Model | Accuracy | Macro Precision | Macro Recall |
---|---|---|---|
Baseline | 0.51042 | 0.25521 | 0.5 |
Naive vector similarity | 0.58311 | 0.58301 | 0.58304 |
Basic LSTM on sentence vectors | 0.50508 | 0.51137 | 0.50508 |
Flair Naive Sentiment vector | 0.49653 | 0.49644 | 0.49644 |
NLTK NAIVE SENTIMENT | 0.46392 | 0.46456 | 0.46606 |
NTLK LOG REGRESSION (SENTIMENT ONLY) | 0.44896 | 0.44897 | 0.44895 |
NTLK NN Classifier | 0.60609 | 0.61236 | 0.60315 |
SKLearn NN on sentiment | 0.60075 | 0.60074 | 0.60079 |
NN on spacy vector representation | 0.54730 | 0.57570 | 0.54730 |
Our baseline for performance comparison is a simple majority vote.
For this first approach, the four context sentences, first and second conclusions are vectorized using spaCy embeddings, specifically from the en_core_web_md
model. The conclusion with the closest (largest) cosine similarity to the context is the predicted answer.
For this approach, we take the vectors for the four context sentences (separately), with a vector for the closure, and feed these through an LSTM and learn a binary classification output for whether this is the correct closure.
We first preprocess all data, turning it into 5 sentences (the 4 context sentences with one of the closures), and set the expected label to be 1 if this closure is correct, or 0 if the other is correct. We do this for both closure outputs, effectively yielding double the training data points.
The model is a very basic one - 5 timeslice points into a keras LSTM layer with a single output. This output is put through a sigmoid function (Dense layer with 1 output).
We trained a keras multi-layer NN comprised of Dense layers on the SpaCy vector representation of the
For the 2731 Final Project, the official final model is the SKLearn NN on the sentiment representation of the input. We are also including a secondary submission of the naive vector similarity model.

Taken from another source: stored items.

(* Let $\mathfrak{A}$ be an atomic weakly associative relation algebra and let $\mathfrak{B}$ be its suitable structure. Then $\mathfrak{Cm}\,\mathfrak{B}$ satisfies the merry-go-round identities MGR$_n$ for all $2\le n<\omega$; in particular, for every $X\subseteq B$ and all $\kappa,\lambda,\mu$ with $\{\kappa,\lambda,\mu\}=\{0,1,2\}$, $$T^*_\kappa(E_{\kappa\lambda}\cap T^*_\lambda(E_{\lambda\mu}\cap T^*_\mu(E_{\mu\kappa}\cap T^*_\kappa X)))=T^*_\kappa(E_{\kappa\mu}\cap T^*_\mu(E_{\mu\lambda}\cap T^*_\lambda(E_{\lambda\kappa}\cap T^*_\kappa X))).$$
   Context: WA: algebras $\langle A,+,\overline{\phantom{x}},;,\breve{\phantom{x}},1'\rangle$ with $x\cdot y=\overline{\overline{x}+\overline{y}}$, $0'=\overline{1'}$, $1=1'+0'$, $0=\overline{1}$, satisfying for all $x,y,z$: $x+y=y+x$; $x+(y+z)=(x+y)+z$; $\overline{\overline{x}+\overline{y}}+\overline{\overline{x}+y}=x$; $((x\cdot 1');1);1=(x\cdot1');1$; $(x+y);z=x;z+y;z$; $x;1'=x$; $\breve{\breve{x}}=x$; $\breve{(x+y)}=\breve{x}+\breve{y}$; $\breve{(x;y)}=\breve{y};\breve{x}$; $\breve{x};\overline{x;y}+\overline{y}=\overline{y}$. Suitable structure: $B=\{s\in{}^3\mathrm{At}(\mathfrak{A}): s_2;s_0\ge s_1\}$; $T_\kappa=\{\langle s,t\rangle\in B\times B:s_\kappa=t_\kappa\}$; $E_{\kappa\kappa}=B$; for distinct $\kappa,\lambda$ with third index $\mu$, $E_{\kappa\lambda}=\{s\in B:s_\mu\le1'\}$. $\mathfrak{Cm}\,\mathfrak{B}=\langle\mathcal{P}(B),\cup,\cap,B\setminus\cdot,\emptyset,B,T_\kappa^*,E_{\kappa\lambda}\rangle_{\kappa,\lambda<3}$, $T_\kappa^*(X)=\{y\in B:\exists x\in X\ \langle y,x\rangle\in T_\kappa\}$, with $c_\kappa=T^*_\kappa$, $d_{\kappa\lambda}=E_{\kappa\lambda}$, $\cdot=\cap$. Merry-go-round identities: with $s^\kappa_\lambda x=c_\kappa(d_{\kappa\lambda}\cdot x)$ for $\kappa\ne\lambda$, MGR$_n$ is the set of identities $s^\lambda_{\kappa_1}s^{\kappa_1}_{\kappa_2}\cdots s^{\kappa_{n-1}}_{\kappa_n}s^{\kappa_n}_\lambda c_\lambda x=s^\lambda_{\kappa_n}s^{\kappa_n}_{\kappa_1}s^{\kappa_1}_{\kappa_2}\cdots s^{\kappa_{n-2}}_{\kappa_{n-1}}s^{\kappa_{n-1}}_\lambda c_\lambda x$ for distinct $\lambda,\kappa_1,\dots,\kappa_n<3$ (vacuous when $n\ge3$). *)

From mathcomp Require Import all_boot.
Set Implicit Arguments. Unset Strict Implicit. Unset Printing Implicit Defensive.

Record WA := {
  wa_car :> Type;
  wa_add : wa_car -> wa_car -> wa_car;
  wa_compl : wa_car -> wa_car;
  wa_comp : wa_car -> wa_car -> wa_car;
  wa_conv : wa_car -> wa_car;
  wa_id : wa_car }.

Section Ops.
Variable A : WA.
Definition wa_mul (x y : A) : A := wa_compl (wa_add (wa_compl x) (wa_compl y)).
Definition wa_diw : A := wa_compl (wa_id A).
Definition wa_top : A := wa_add (wa_id A) wa_diw.
Definition wa_bot : A := wa_compl wa_top.
Definition wa_le (x y : A) : Prop := wa_add x y = y.

Definition is_WA : Prop :=
  (forall x y : A, wa_add x y = wa_add y x) /\
      (forall x y z : A, wa_add x (wa_add y z) = wa_add (wa_add x y) z) /\
      (forall x y : A, wa_add (wa_compl (wa_add (wa_compl x) (wa_compl y)))
                              (wa_compl (wa_add (wa_compl x) y)) = x) /\
      (forall x : A, wa_comp (wa_comp (wa_mul x (wa_id A)) wa_top) wa_top
                     = wa_comp (wa_mul x (wa_id A)) wa_top) /\
      (forall x y z : A, wa_comp (wa_add x y) z = wa_add (wa_comp x z) (wa_comp y z)) /\
      (forall x : A, wa_comp x (wa_id A) = x) /\
      (forall x : A, wa_conv (wa_conv x) = x) /\
      (forall x y : A, wa_conv (wa_add x y) = wa_add (wa_conv x) (wa_conv y)) /\
      (forall x y : A, wa_conv (wa_comp x y) = wa_comp (wa_conv y) (wa_conv x)) /\
      (forall x y : A, wa_add (wa_comp (wa_conv x) (wa_compl (wa_comp x y))) (wa_compl y)
                       = wa_compl y).

Definition is_atom (a : A) : Prop :=
  a <> wa_bot /\ forall b : A, wa_le b a -> b = wa_bot \/ b = a.

Definition atomic : Prop :=
  forall x : A, x <> wa_bot -> exists2 a, is_atom a & wa_le a x.

Definition triple := 'I_3 -> A.
Definition i0 : 'I_3 := @Ordinal 3 0 isT.
Definition i1 : 'I_3 := @Ordinal 3 1 isT.
Definition i2 : 'I_3 := @Ordinal 3 2 isT.

Definition inB (s : triple) : Prop :=
  (forall i, is_atom (s i)) /\ wa_le (s i1) (wa_comp (s i2) (s i0)).

Definition Tstar (k : 'I_3) (X : triple -> Prop) : triple -> Prop :=
  fun y => inB y /\ exists x, X x /\ inB x /\ y k = x k.

(* E_kk = B; for k <> l with third index m, E_kl = { s in B : s_m <= 1' } *)
Definition Ediag (k l : 'I_3) : triple -> Prop :=
  fun s => inB s /\
    (k = l \/ forall m : 'I_3, m <> k -> m <> l -> wa_le (s m) (wa_id A)).

Definition capB (X Y : triple -> Prop) : triple -> Prop := fun s => X s /\ Y s.
End Ops.

(* A triple of E_κλ is a triple of B whose μ-th component is an identity atom;
   it is determined by its κ-th component a, its λ-th component being a, or a˘
   when μ = 1.  So each step T*_κ(E_κλ ∩ T*_λ Y) of the merry-go-round carries
   the κ-th component a to the λ-th one, provided such a triple exists, i.e.
   provided a has a left, resp. right, identity atom.  Going once around the
   indices 0, 1, 2, in either direction, converses exactly once, and the three
   side conditions together say that a has both a left and a right identity
   atom.  Hence both sides are {s ∈ B : s_κ has left and right identity atoms
   and s_κ˘ is the κ-th component of some x ∈ X ∩ B}. *)

From mathcomp Require Import all_boot.
From Stdlib Require Import Setoid.
Set Implicit Arguments. Unset Strict Implicit. Unset Printing Implicit Defensive.

Declare Scope wa_scope.

Lemma ord3P (i : 'I_3) : i = i0 \/ i = i1 \/ i = i2.
Proof. by case: i => -[|[|[|//]]] ?; [left | right; left | right; right]; apply: val_inj. Qed.

Lemma ord3_third (k l m i : 'I_3) :
  k <> l -> l <> m -> k <> m -> i <> k -> i <> l -> i = m.
Proof.
by have [->|[->|->]] := ord3P k; have [->|[->|->]] := ord3P l;
  have [->|[->|->]] := ord3P m; have [->|[->|->]] := ord3P i.
Qed.

Section WeaklyAssociative.
Variable A : WA.
Hypothesis HA : is_WA A.

Local Notation "x + y" := (@wa_add A x y) : wa_scope.
Local Notation "- x" := (@wa_compl A x) : wa_scope.
Local Notation "x ⨾ y" := (@wa_comp A x y) (at level 40, left associativity) : wa_scope.
Local Notation "x ˘" := (@wa_conv A x) (at level 2, format "x ˘") : wa_scope.
Local Notation "1'" := (@wa_id A) : wa_scope.
Local Notation "x <= y" := (@wa_le A x y) : wa_scope.
Local Notation top := (@wa_top A).
Local Notation bot := (@wa_bot A).
Local Open Scope wa_scope.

There is a pip requirements file with all required library versions, saved via pip freeze
. You may set up a venv with python 3.6, and install these libraries with pip install -r requirements.txt
from the project root directory.
There are also models which must be downloaded via the proper interfaces (Spacy). Do this with, in terminal within the venv, python -m spacy download en_core_web_md
.
This is modeled in the sentiment_NN
directory under sentiment_NN.py
. This requires the sentiment form of the input data, which is included in the final submission (it takes a long time to convert). Alternatively, you can do the conversion yourself with the sentiment_converter
script.
There is a learned model, basic_model
, which can be loaded (does so by default) and used to do inference. In that folder we also include the prediction of the held-out test set, test_prediction.txt
. This may be directly compared to the true gold standard of the test set with the evaluation script given in eval
(same as supplied in the project description, with added precision and recall metrics.)
cd sentiment_NN
python sentiment_NN.py
This will save the output of the test data to prediction.txt
in the same folder as the script.
This is modeled in the naive_vector_similarity
directory under naive_vector_similarity.py
. This is a simple rule which takes the closure sentence which is closest to the input sentences, via dense vector representation given by the medium SpaCy english web model (en_core_web_md
).
The test set has been inferred and is included with submission. You may directly compare this with the gold standard with the given evaluation script.
cd naive_vector_similarity
python naive_vector_similarity.py
This will save the output of the test data to test_prediction.txt
in the same folder as the script.
The test predictions are stored in the respective folders of the models. The supplied evaluation script is under the eval
directory. Run the evaluation script with the gold/predicted files as follows (run from the eval directory)
The evalScript was modified slightly to also give the macro precision and recall statistics.
cd eval
python evalScript.py ../sentiment_NN/test_prediction.txt ../path/to/test/gold/gold.txt
python evalScript.py ../naive_vector_similarity/test_prediction.txt ../path/to/test/gold/gold.txt
The supporting data for this project must be requested manually:
https://www.cs.rochester.edu/nlp/rocstories/
The data for this project (supplied by Univ. of Rochester CS) will not be shared outside of the above source.
Data should be stored in the Data
directory, which is ignored in git. You must download the dataset and create that folder yourself locally.